• **WHAT TO DO**
Please keep to the lines below from the one with "Lemma sum_edge_crossing (R" through the one with "e \in edges adj)", and restate them word for word, ends included.

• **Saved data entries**
━━━━━━━━━━
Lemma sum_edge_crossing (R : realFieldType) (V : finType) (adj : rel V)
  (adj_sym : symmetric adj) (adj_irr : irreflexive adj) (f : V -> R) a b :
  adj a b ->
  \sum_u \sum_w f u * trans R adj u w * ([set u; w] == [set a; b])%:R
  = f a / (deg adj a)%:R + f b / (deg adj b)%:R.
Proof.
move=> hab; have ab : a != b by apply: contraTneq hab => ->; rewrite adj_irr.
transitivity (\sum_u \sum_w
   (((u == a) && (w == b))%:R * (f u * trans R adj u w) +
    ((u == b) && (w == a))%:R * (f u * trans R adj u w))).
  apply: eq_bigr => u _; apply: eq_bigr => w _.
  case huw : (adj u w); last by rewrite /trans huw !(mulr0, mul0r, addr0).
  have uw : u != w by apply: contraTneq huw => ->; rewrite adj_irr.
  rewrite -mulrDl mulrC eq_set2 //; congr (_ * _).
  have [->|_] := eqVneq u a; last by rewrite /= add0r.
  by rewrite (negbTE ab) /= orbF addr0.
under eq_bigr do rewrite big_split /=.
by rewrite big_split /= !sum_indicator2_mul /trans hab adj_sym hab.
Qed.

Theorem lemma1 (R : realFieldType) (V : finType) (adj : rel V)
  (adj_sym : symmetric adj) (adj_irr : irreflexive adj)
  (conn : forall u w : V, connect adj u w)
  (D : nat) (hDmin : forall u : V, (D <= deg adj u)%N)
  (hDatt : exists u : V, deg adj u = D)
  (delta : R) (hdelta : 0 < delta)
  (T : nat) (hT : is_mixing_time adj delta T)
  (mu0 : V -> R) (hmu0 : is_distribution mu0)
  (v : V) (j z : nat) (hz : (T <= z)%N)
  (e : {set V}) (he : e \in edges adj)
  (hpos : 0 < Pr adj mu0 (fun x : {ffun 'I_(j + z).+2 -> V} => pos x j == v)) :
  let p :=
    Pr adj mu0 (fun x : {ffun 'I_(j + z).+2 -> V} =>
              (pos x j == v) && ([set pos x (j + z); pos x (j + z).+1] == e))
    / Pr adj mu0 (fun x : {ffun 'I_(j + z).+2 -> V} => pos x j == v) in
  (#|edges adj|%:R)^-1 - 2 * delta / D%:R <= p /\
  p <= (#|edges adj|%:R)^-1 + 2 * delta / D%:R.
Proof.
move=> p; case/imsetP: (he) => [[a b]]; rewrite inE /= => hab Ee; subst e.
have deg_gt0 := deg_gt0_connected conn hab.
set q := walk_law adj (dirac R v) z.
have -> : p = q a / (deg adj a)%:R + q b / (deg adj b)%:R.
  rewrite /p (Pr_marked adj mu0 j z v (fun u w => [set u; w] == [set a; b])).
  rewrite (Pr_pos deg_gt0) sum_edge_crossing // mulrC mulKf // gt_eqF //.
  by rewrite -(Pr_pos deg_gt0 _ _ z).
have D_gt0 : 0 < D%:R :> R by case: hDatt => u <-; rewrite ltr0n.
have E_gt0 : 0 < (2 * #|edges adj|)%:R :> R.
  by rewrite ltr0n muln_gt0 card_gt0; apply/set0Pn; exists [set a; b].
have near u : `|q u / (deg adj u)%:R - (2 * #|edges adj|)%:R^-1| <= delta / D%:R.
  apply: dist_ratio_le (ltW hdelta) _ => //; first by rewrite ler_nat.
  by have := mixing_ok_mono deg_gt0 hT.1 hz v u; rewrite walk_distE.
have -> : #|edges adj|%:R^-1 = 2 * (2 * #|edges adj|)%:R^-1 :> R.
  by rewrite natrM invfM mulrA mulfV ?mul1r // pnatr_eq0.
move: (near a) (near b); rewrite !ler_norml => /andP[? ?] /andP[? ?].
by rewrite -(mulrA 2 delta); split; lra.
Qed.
━━━━━━━━━━
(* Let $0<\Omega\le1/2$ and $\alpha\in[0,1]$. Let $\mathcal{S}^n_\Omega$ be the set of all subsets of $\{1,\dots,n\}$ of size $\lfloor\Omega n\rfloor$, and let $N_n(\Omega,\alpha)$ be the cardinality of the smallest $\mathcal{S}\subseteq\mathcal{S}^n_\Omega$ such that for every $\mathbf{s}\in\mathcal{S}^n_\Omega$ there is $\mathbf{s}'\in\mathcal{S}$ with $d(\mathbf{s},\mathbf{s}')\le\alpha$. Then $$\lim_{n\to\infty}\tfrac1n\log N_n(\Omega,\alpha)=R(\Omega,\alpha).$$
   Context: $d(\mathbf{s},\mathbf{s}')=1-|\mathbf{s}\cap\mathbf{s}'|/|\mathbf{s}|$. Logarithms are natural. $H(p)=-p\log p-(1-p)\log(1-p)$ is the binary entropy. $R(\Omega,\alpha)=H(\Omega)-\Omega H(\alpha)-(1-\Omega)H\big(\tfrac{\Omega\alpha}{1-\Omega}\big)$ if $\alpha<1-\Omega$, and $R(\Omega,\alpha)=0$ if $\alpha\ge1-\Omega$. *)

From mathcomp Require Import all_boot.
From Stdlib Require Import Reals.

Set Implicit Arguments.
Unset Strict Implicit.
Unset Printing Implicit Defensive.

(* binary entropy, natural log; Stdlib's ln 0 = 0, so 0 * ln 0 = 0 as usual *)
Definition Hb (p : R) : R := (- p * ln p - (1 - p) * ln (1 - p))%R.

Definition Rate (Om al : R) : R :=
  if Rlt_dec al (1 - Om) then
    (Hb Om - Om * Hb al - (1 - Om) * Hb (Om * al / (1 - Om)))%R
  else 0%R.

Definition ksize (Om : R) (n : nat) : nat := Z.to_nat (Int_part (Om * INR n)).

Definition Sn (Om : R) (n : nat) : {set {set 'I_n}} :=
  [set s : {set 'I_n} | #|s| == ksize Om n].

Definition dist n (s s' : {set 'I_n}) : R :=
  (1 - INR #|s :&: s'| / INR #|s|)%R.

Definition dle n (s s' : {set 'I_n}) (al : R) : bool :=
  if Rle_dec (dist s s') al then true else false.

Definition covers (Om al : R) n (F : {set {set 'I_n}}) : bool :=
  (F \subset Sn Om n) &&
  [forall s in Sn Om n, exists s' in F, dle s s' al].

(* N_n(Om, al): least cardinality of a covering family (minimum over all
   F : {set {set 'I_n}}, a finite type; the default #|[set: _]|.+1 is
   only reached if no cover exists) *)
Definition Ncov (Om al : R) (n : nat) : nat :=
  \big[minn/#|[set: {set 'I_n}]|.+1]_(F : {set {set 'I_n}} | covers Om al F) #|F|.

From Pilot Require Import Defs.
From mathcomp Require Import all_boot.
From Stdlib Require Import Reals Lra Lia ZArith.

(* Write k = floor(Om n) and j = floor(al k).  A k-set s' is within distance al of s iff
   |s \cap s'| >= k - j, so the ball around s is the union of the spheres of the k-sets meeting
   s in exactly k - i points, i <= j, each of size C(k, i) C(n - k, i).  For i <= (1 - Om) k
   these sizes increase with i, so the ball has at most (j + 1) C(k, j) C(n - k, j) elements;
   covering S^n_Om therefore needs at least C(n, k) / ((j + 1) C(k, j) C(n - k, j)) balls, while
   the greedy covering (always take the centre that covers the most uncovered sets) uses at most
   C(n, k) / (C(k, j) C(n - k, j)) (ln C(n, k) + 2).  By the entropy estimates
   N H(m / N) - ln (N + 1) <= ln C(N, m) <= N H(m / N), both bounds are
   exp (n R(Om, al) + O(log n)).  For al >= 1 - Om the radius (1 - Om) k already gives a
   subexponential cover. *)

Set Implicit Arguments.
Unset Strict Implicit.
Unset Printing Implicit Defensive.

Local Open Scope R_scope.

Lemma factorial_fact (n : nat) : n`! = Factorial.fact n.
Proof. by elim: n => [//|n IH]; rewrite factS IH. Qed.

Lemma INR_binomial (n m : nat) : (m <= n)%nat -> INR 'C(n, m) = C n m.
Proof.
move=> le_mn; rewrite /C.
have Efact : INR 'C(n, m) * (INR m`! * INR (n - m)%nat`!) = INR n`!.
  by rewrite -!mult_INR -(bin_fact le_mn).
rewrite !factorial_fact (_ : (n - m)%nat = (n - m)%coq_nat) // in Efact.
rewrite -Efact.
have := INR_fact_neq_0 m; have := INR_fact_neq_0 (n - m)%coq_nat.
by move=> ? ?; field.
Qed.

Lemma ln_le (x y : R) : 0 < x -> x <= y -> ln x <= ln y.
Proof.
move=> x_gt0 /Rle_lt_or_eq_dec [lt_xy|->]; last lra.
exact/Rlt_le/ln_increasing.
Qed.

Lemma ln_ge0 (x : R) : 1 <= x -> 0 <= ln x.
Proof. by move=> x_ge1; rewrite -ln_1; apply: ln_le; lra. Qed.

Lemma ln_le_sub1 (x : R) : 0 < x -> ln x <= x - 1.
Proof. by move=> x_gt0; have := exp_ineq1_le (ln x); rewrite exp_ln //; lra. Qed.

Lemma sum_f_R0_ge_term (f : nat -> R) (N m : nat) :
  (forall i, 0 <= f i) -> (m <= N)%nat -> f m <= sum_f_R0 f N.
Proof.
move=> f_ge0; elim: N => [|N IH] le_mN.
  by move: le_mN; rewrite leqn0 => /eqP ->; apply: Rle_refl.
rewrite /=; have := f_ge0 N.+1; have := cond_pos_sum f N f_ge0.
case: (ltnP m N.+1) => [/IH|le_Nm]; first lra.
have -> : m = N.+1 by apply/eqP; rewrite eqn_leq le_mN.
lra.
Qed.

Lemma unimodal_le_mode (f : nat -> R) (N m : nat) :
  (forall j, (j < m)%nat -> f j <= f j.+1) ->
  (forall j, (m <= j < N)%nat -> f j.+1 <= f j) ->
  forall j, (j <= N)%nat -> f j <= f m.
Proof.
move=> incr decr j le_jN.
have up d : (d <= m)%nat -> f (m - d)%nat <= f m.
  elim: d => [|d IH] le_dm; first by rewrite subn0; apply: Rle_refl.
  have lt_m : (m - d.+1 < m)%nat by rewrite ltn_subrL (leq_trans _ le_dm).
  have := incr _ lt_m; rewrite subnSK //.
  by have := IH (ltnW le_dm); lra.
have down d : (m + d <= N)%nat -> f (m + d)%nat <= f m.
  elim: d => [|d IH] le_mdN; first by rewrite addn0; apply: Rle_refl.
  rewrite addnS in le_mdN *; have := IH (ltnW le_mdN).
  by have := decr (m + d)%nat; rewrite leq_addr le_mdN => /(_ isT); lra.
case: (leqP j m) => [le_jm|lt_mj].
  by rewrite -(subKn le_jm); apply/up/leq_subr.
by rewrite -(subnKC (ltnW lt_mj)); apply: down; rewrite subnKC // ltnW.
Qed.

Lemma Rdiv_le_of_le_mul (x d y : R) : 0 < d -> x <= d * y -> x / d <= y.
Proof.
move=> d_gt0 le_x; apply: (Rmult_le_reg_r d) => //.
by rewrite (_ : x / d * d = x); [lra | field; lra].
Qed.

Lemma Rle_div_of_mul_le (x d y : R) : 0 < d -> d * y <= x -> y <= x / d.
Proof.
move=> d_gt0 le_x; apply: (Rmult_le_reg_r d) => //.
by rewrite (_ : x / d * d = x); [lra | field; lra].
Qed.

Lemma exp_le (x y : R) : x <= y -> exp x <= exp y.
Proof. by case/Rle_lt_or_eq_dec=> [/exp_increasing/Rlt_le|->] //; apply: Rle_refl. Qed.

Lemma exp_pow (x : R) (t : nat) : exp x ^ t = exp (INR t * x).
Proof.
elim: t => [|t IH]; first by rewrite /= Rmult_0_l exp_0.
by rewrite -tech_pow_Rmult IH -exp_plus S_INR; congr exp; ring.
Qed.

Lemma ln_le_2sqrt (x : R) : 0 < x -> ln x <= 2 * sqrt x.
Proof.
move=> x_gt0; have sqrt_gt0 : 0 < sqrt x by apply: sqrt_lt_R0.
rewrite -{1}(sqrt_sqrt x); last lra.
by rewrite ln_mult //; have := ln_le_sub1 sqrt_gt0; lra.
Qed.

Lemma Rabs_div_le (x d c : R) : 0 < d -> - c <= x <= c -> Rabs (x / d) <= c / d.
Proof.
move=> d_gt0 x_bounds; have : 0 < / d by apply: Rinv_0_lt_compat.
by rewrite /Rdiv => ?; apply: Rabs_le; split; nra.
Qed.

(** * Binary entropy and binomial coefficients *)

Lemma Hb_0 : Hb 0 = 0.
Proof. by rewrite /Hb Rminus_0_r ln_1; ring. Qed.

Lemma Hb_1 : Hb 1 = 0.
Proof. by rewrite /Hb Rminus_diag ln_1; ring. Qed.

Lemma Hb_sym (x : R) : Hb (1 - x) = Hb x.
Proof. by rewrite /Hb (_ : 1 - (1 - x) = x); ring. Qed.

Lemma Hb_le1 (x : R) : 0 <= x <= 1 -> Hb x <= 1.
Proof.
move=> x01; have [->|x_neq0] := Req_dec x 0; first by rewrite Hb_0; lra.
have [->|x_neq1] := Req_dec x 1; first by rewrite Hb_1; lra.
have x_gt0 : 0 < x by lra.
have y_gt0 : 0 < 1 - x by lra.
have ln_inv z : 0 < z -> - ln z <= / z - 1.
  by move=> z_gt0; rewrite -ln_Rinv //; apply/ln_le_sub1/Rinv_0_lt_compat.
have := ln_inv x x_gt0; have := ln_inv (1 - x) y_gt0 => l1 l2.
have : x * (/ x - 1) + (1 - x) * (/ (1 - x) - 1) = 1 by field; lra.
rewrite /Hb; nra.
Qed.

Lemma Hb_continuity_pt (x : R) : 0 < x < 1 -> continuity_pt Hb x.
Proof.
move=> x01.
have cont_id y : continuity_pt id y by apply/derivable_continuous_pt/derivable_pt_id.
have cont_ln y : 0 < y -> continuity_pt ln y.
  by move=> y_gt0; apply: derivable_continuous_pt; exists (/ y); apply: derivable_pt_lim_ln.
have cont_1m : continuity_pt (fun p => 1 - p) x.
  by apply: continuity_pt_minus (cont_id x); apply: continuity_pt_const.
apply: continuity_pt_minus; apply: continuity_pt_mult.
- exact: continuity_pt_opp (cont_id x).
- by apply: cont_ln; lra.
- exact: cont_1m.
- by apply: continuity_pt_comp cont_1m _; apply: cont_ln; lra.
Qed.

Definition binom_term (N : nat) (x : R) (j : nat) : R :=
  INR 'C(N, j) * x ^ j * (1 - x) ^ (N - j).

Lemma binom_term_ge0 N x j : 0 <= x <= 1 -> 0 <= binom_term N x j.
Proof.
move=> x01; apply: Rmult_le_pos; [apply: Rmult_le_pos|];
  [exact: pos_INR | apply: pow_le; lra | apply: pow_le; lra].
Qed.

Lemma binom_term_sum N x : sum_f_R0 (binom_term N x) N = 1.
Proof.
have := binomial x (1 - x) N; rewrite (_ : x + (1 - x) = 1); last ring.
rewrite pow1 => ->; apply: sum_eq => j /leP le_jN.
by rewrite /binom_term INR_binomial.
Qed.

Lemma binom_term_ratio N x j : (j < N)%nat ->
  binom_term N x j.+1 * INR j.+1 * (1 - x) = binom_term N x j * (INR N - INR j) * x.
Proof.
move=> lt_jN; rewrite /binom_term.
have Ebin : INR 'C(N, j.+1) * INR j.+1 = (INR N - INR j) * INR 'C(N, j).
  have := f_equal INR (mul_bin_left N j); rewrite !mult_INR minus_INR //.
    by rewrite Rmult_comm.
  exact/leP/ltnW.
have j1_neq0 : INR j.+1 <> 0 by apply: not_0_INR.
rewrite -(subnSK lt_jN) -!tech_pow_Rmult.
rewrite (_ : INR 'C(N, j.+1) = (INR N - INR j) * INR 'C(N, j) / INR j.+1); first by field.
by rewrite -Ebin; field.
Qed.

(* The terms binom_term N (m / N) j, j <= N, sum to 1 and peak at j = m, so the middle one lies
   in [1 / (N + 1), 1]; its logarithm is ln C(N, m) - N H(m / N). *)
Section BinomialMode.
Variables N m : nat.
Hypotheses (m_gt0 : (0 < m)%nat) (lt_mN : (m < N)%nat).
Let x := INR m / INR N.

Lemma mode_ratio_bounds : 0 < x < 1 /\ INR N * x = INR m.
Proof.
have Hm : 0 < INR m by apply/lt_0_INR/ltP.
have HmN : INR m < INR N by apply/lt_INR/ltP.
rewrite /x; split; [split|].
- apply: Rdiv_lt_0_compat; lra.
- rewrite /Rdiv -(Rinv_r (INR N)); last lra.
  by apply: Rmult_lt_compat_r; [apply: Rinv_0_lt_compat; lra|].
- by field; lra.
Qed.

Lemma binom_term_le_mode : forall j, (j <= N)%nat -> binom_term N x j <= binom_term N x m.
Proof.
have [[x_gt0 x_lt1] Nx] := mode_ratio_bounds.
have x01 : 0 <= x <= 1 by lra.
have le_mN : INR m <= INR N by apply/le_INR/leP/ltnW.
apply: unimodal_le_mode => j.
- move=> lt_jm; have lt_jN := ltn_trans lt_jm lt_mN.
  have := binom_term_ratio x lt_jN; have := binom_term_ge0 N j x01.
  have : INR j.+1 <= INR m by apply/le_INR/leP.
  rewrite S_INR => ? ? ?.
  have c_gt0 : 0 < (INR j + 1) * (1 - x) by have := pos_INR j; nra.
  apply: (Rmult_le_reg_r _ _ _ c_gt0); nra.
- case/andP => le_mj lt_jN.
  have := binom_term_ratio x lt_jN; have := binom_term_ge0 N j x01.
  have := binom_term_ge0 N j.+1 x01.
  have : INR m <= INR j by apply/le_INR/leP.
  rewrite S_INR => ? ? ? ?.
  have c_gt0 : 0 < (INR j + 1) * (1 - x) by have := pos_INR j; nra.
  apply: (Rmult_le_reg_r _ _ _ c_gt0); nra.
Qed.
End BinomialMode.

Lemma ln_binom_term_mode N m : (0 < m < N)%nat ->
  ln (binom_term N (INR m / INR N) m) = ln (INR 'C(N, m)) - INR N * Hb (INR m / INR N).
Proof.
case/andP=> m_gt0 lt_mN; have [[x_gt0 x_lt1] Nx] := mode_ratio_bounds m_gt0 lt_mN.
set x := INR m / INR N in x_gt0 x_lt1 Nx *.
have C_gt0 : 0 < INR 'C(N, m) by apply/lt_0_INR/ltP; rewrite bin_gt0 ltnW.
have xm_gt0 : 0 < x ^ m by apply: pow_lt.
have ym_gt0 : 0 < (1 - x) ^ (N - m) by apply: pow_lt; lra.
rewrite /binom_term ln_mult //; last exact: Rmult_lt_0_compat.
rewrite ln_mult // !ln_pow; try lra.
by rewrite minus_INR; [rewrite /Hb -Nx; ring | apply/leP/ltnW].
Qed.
━━━━━━━━━━
• **THE COMPLETED TASK**
Lemma sum_edge_crossing (R : realFieldType) (V : finType) (adj : rel V)
  (adj_sym : symmetric adj) (adj_irr : irreflexive adj) (f : V -> R) a b :
  adj a b ->
  \sum_u \sum_w f u * trans R adj u w * ([set u; w] == [set a; b])%:R
  = f a / (deg adj a)%:R + f b / (deg adj b)%:R.
Proof.
move=> hab; have ab : a != b by apply: contraTneq hab => ->; rewrite adj_irr.
transitivity (\sum_u \sum_w
   (((u == a) && (w == b))%:R * (f u * trans R adj u w) +
    ((u == b) && (w == a))%:R * (f u * trans R adj u w))).
  apply: eq_bigr => u _; apply: eq_bigr => w _.
  case huw : (adj u w); last by rewrite /trans huw !(mulr0, mul0r, addr0).
  have uw : u != w by apply: contraTneq huw => ->; rewrite adj_irr.
  rewrite -mulrDl mulrC eq_set2 //; congr (_ * _).
  have [->|_] := eqVneq u a; last by rewrite /= add0r.
  by rewrite (negbTE ab) /= orbF addr0.
under eq_bigr do rewrite big_split /=.
by rewrite big_split /= !sum_indicator2_mul /trans hab adj_sym hab.
Qed.

Theorem lemma1 (R : realFieldType) (V : finType) (adj : rel V)
  (adj_sym : symmetric adj) (adj_irr : irreflexive adj)
  (conn : forall u w : V, connect adj u w)
  (D : nat) (hDmin : forall u : V, (D <= deg adj u)%N)
  (hDatt : exists u : V, deg adj u = D)
  (delta : R) (hdelta : 0 < delta)
  (T : nat) (hT : is_mixing_time adj delta T)
  (mu0 : V -> R) (hmu0 : is_distribution mu0)
  (v : V) (j z : nat) (hz : (T <= z)%N)
  (e : {set V}) (he : e \in edges adj)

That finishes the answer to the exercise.